Manual of the Trees of North America (Exclusive of Mexico) 2nd ed.
Part 30
Trees, with smooth resinous bark marked by long longitudinal lenticels, often separating freely into thin papery plates, becoming thick, deeply furrowed, and scaly at the base of old trunks, short slender branches more or less erect and forming on young trees a narrow symmetrical pyramidal head, becoming horizontal and often pendulous on older trees, tough branchlets, short stout spur-like 2-leaved lateral branchlets much roughened by the crowded leaf-scars of many years, and elongated winter-buds covered by numerous ovate acute scales, and fully grown and bright green at midsummer. Leaves open and convex in the bud, often incisely lobed; stipules ovate and acute or oblong-obovate, scarious.
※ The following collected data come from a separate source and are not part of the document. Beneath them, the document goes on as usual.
Local Notation covered a y x := [exists s in S, y :|: (x :\: a) \subset s].

Lemma card_cover a y x : a \in A -> y \subset a -> #|y| = l -> #|x| = k -> a \subset x ->
  #|y :|: (x :\: a)| = l + r.
Proof.
move=> aA ya yl xk ax.
rewrite cardsU_disjoint ?(disjointWl ya (disjoint_setD _ _)) // yl cardsDS // xk (card_A aA).
lia.
Qed.

Lemma deg_S_leq_sum_lifts a y : a \in A -> y \subset a ->
  deg S y <= \sum_(x in sups_k a) deg S (y :|: (x :\: a)).
Proof.
move=> aA ya; rewrite /deg exchange_big /=; apply: leq_sum => s sS.
case: (boolP (y \subset s)) => //= ys.
have : 0 < #|[set W : {set 'I_n} | (W \subset s :\: a) && (#|W| == r)]|.
  rewrite cards_draws bin_gt0 cardsD card_S //.
  have := subset_leq_card (subsetIr s a); rewrite (card_A aA); lia.
rewrite card_gt0 => /set0Pn [W]; rewrite inE subsetD => /andP [/andP [Ws Wa] /eqP Wr].
have Wx : a :|: W \in sups_k a.
  by rewrite inE cardsU_disjoint 1?disjoint_sym // (card_A aA) Wr subnK ?eqxx ?subsetUl //; lia.
rewrite (bigD1 _ Wx) /= setDUl setDv set0U (setDidPl Wa) subUset ys Ws.
exact: leq_addr.
Qed.

Lemma deg_S_cover a y x : a \in A -> y \in subs_l a -> x \in sups_k a ->
  deg S (y :|: (x :\: a)) <= covered a y x * 'C(n - l - r, 2 * r).
Proof.
move=> aA; rewrite !inE => /andP [ya /eqP yl] /andP [/eqP xk ax].
case: (boolP (covered a y x)) => [_ | uncovered].
  rewrite mul1n; apply: leq_trans (deg_subset _ S_layer) _.
  rewrite deg_binom card_cover //; last by lia.
  by rewrite subnDA (_ : k - (l + r) = 2 * r) //; lia.
rewrite mul0n leqn0 /deg sum_nat_eq0; apply/forall_inP => s sS; rewrite eqb0.
by apply: contra uncovered => vs; apply/existsP; exists s; rewrite sS.
Qed.

Lemma sum_deg_S_covered a : a \in A ->
  \sum_(y in subs_l a) deg S y <=
    'C(n - l - r, 2 * r) * \sum_(y in subs_l a) \sum_(x in sups_k a) covered a y x.
Proof.
move=> aA; rewrite big_distrr /=; apply: leq_sum => y yY.
have /andP [ya _] : (y \subset a) && (#|y| == l) by rewrite inE in yY.
apply: leq_trans (deg_S_leq_sum_lifts aA ya) _.
rewrite big_distrr /=; apply: leq_sum => x xX.
by rewrite mulnC deg_S_cover.
Qed.

Lemma card_A_setD a x z : a \in A -> #|x| = k -> a \subset x -> z \subset x -> #|z| = l ->
  #|a :\: z| <= 3 * r.
Proof.
move=> aA xk ax zx zl.
have := cardsID a z; have := subset_leq_card (setSD a zx).
rewrite [#|a :\: z|]cardsD [#|x :\: a|]cardsDS // xk (card_A aA) zl setIC; lia.
Qed.

(* y is recovered from a :\: y, a 2r-subset of a :\: z, which has at most 3r points. *)
Lemma count_subs_l_cover a x z : a \in A -> x \in sups_k a -> z \in U ->
  \sum_(y in subs_l a) (z \subset y :|: (x :\: a) : nat) <= 'C(3 * r, r) * (z \subset x).
Proof.
move=> aA; rewrite inE => /andP [/eqP xk ax] /card_U zl.
have [zx | zNx] := boolP (z \subset x); last first.
  rewrite muln0 leqn0 sum_nat_eq0; apply/forall_inP => y; rewrite inE => /andP [ya _].
  rewrite eqb0; apply: contra zNx => /subset_trans; apply.
  by rewrite subUset (subset_trans ya ax) subsetDl.
rewrite muln1 sum_nat_mem_card.
set Y := [set y in subs_l a | _].
have complement_inj : {in Y &, injective (setD a)}.
  move=> y1 y2; rewrite !inE => /andP [/andP [y1a _] _] /andP [/andP [y2a _] _] e.
  have := congr1 (setD a) e.
  by rewrite !setDDr setDv !set0U (setIidPr y1a) (setIidPr y2a).
rewrite -(card_in_imset complement_inj).
apply: (@leq_trans #|[set V : {set 'I_n} | (V \subset a :\: z) && (#|V| == 2 * r)]|).
  apply: subset_leq_card; apply/subsetP => V /imsetP [y].
  rewrite !inE => /andP [/andP [ya /eqP yl] zv] ->.
  rewrite cardsDS // (card_A aA) yl.
  have -> : k - r - l = 2 * r by lia.
  rewrite eqxx andbT.
  apply/subsetP => e; rewrite !inE => /andP [ey ea]; rewrite ea andbT.
  by apply: contra ey => /(subsetP zv); rewrite !inE ea /= orbF.
rewrite cards_draws; apply: leq_trans (leq_bin2l _ (card_A_setD aA xk ax zx zl)) _.
have -> : 2 * r = 3 * r - r by lia.
by rewrite bin_sub //; lia.
Qed.

Lemma covered_subsets_in_U a y x : a \in A -> y \in subs_l a -> x \in sups_k a ->
  'C(l + r, r) * covered a y x <= \sum_(z in U) (z \subset y :|: (x :\: a) : nat).
Proof.
move=> aA; rewrite !inE => /andP [ya /eqP yl] /andP [/eqP xk ax].
have [/existsP [s /andP [sS vs]] | _] := boolP (covered a y x); last by rewrite muln0.
rewrite muln1 sum_nat_mem_card.
have -> : 'C(l + r, r) = #|[set z : {set 'I_n} | (z \subset y :|: (x :\: a)) && (#|z| == l)]|.
  rewrite cards_draws card_cover // -bin_sub; last by lia.
  by congr 'C(_, _); lia.
apply: subset_leq_card; apply/subsetP => z; rewrite in_set => /andP [zv /eqP zl].
by rewrite inE zv andbT (mem_U_of_S sS (subset_trans zv vs)).
Qed.

Lemma covered_leq_U_below a : a \in A ->
  'C(l + r, r) * \sum_(y in subs_l a) \sum_(x in sups_k a) covered a y x
    <= 'C(3 * r, r) * \sum_(x in sups_k a) #|U_below x|.
Proof.
move=> aA.
apply: (@leq_trans (\sum_(y in subs_l a) \sum_(x in sups_k a)
                     \sum_(z in U) (z \subset y :|: (x :\: a) : nat))).
  rewrite big_distrr; apply: leq_sum => y yY.
  by rewrite big_distrr; apply: leq_sum => x xX; apply: covered_subsets_in_U.
rewrite exchange_big big_distrr; apply: leq_sum => x xX.
rewrite exchange_big -sum_nat_mem_card big_distrr; apply: leq_sum => z zU.
exact: count_subs_l_cover.
Qed.

Lemma sum_U_below_A :
  \sum_(a in A) \sum_(x in sups_k a) #|U_below x| <= \sum_(y in U) deg Sc y.
Proof.
have -> : \sum_(y in U) deg Sc y = \sum_(x in Sc) #|U_below x|.
  by rewrite /deg exchange_big; apply: eq_bigr => x _; rewrite sum_nat_mem_card.
rewrite exchange_sum_dep sum_mem_mul; apply: leq_sum => x _.
by rewrite leq_mul2r count_A_below orbT.
Qed.

Lemma sum_deg_S_A :
  'C(l + r, r) * \sum_(a in A) \sum_(y in subs_l a) deg S y
    <= 'C(n - l - r, 2 * r) * 'C(3 * r, r) * \sum_(y in U) deg Sc y.
Proof.
rewrite big_distrr /=.
apply: (@leq_trans (\sum_(a in A)
    'C(n - l - r, 2 * r) * 'C(3 * r, r) * \sum_(x in sups_k a) #|U_below x|)).
  apply: leq_sum => a aA.
  apply: leq_trans (leq_mul (leqnn _) (sum_deg_S_covered aA)) _.
  by rewrite mulnCA -mulnA leq_mul2l covered_leq_U_below ?orbT.
by rewrite -big_distrr /= leq_mul2l sum_U_below_A orbT.
Qed.

Lemma shadow_union_bound :
  2 * (2 * r) ^ (3 * r) * #|S| + n ^ r * #|A| <= 2 * (2 * r) ^ (3 * r) * #|U|.
Proof.
set K := (2 * r) ^ (3 * r); set M := 'C(k - r, 2 * r); set E := 'C(n - l, 3 * r).
set e := \sum_(y in U) deg Sc y.
set X := \sum_(a in A) \sum_(y in subs_l a) deg Sc y.
set Y := \sum_(a in A) \sum_(y in subs_l a) deg S y.
have l_large : n <= 2 * l by lia.
have E_gt0 : 0 < E by rewrite bin_gt0; lia.
have M_gt0 : 0 < M by rewrite bin_gt0; lia.
have bound_X : n ^ r * X <= K * M * e.
  have lower := expn_bin_sub_leq r_gt0 l_large.
  rewrite (_ : l + 2 * r = k - r) in lower; last by lia.
  apply: (@leq_trans (n ^ r * ('C(2 * r, r) * X))).
    by rewrite leq_mul2l leq_pmull ?orbT // bin_gt0; lia.
  apply: leq_trans (leq_mul (leqnn _) sum_deg_Sc_A) _.
  by rewrite mulnA leq_mul2r lower orbT.
have bound_Y : n ^ r * Y <= K * M * e.
  have d_gt0 : 0 < 'C(l + r, r) by rewrite bin_gt0; lia.
  rewrite -(leq_pmul2l d_gt0) mulnCA.
  apply: leq_trans (leq_mul (leqnn _) sum_deg_S_A) _.
  have C2_le_M : 'C(n - l - r, 2 * r) <= M by apply: leq_bin2l; lia.
  have := leq_mul C2_le_M (expn_bin_3r_leq r_gt0 l_large).
  rewrite -/K => upper.
  have := leq_mul upper (leqnn e); nia.
have bound_A : n ^ r * #|A| * E <= 2 * K * e.
  rewrite -(leq_pmul2l M_gt0).
  have XY : X + Y = #|A| * (M * E).
    by rewrite sum_deg_A; congr (_ * (_ * _)); rewrite -bin_sub; [congr 'C(_, _) | ]; lia.
  have := leq_add bound_X bound_Y; rewrite -mulnDr XY; nia.
have E_le : E <= 'C(k, l).
  rewrite -[in X in _ <= X]bin_sub; last by lia.
  by rewrite (_ : k - l = 3 * r); [apply: leq_bin2l | ]; lia.
rewrite -(leq_pmul2r E_gt0).
have := card_U_mul; have := leq_mul (leqnn #|S|) E_le; nia.
Qed.

End ShadowBound.

Import Order.TTheory GRing.Theory Num.Theory.
Local Open Scope ring_scope.

Theorem lemma3 (n r k : nat) (S A : {set {set 'I_n}}) :
  (1 <= n)%N -> (1 <= r)%N -> (8 * r <= n)%N ->
  ((n%:R / 2 + 3 * r%:R : rat) <= k%:R) -> ((k%:R : rat) <= 3 * n%:R / 4) ->
  S \subset binom n k ->
  A \subset binom n (k - r) :\: shadow r S ->
  dist_code (2 * r + 1) A ->
  (#|shadow (3 * r) S :|: shadow (2 * r) A|%:R : rat) >=
    #|S|%:R + (n%:R ^+ r * #|A|%:R) / (4 * (2 * r)%:R ^+ (3 * r)).
Proof.
move=> _ r_gt0 _ k_lower k_upper S_layer A_layer A_code.
have k_large : (n + 6 * r <= 2 * k)%N by rewrite -(ler_nat rat) natrD !natrM; lra.
have k_le_n : (k <= n)%N by rewrite -(ler_nat rat); have := ler0n rat k; lra.
have := shadow_union_bound r_gt0 k_large k_le_n S_layer A_layer A_code.
rewrite -(ler_nat rat) natrD !natrM.
set K := ((2 * r) ^ (3 * r))%N%:R; set U := shadow _ _ :|: _.
have -> : (2 * r%:R) ^+ (3 * r) = K :> rat by rewrite /K natrX natrM.
have K_gt0 : 0 < K by rewrite ltr0n expn_gt0 muln_gt0 r_gt0.
have NA_ge0 : 0 <= (n ^ r)%:R * #|A|%:R :> rat by rewrite mulr_ge0.
move=> bound; rewrite -natrX -lerBrDl ler_pdivrMr ?mulr_gt0 //; nra.
Qed.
Flowers in 3-flowered cymes, the lateral flowers of the cyme subtended by bractlets adnate to the base of the scale of the ament; staminate aments long, pendulous, solitary or clustered, appearing in summer or autumn in the axils of the last leaves of a branchlet or near the ends of short lateral branchlets, erect and naked during the winter, their scales in the spring broadly ovate, rounded, short-stalked, yellow or orange-color below the middle and dark chestnut-brown and lustrous above it; staminate flowers composed of a membranaceous 4-lobed calyx often 2-lobed by suppression, the anterior lobe obovate, rounded at apex, as long as the stamens, much longer than the minute posterior lobe, and of 2 stamens inserted on the base of the calyx, with short 2-branched filaments, each branch bearing an erect half-anther; pistillate aments oblong or cylindric, terminal on the short spur-like lateral branchlets, their scales closely imbricated, oblong-ovate, 3-lobed, light yellow, often tinged with red above the middle, accrescent, becoming brown and woody at maturity, and forming sessile or stalked erect or pendulous short or elongated strobiles usually ripening in the autumn, deciduous with the nuts from the slender rachis; calyx of the pistillate flower 0; ovary sessile, compressed, with styles stigmatic at apex. Nut minute, oval or obovoid, compressed, bearing at the apex the persistent stigmas, marked at the base by a small pale scar, the outer coat of the shell produced into a marginal wing interrupted at the apex.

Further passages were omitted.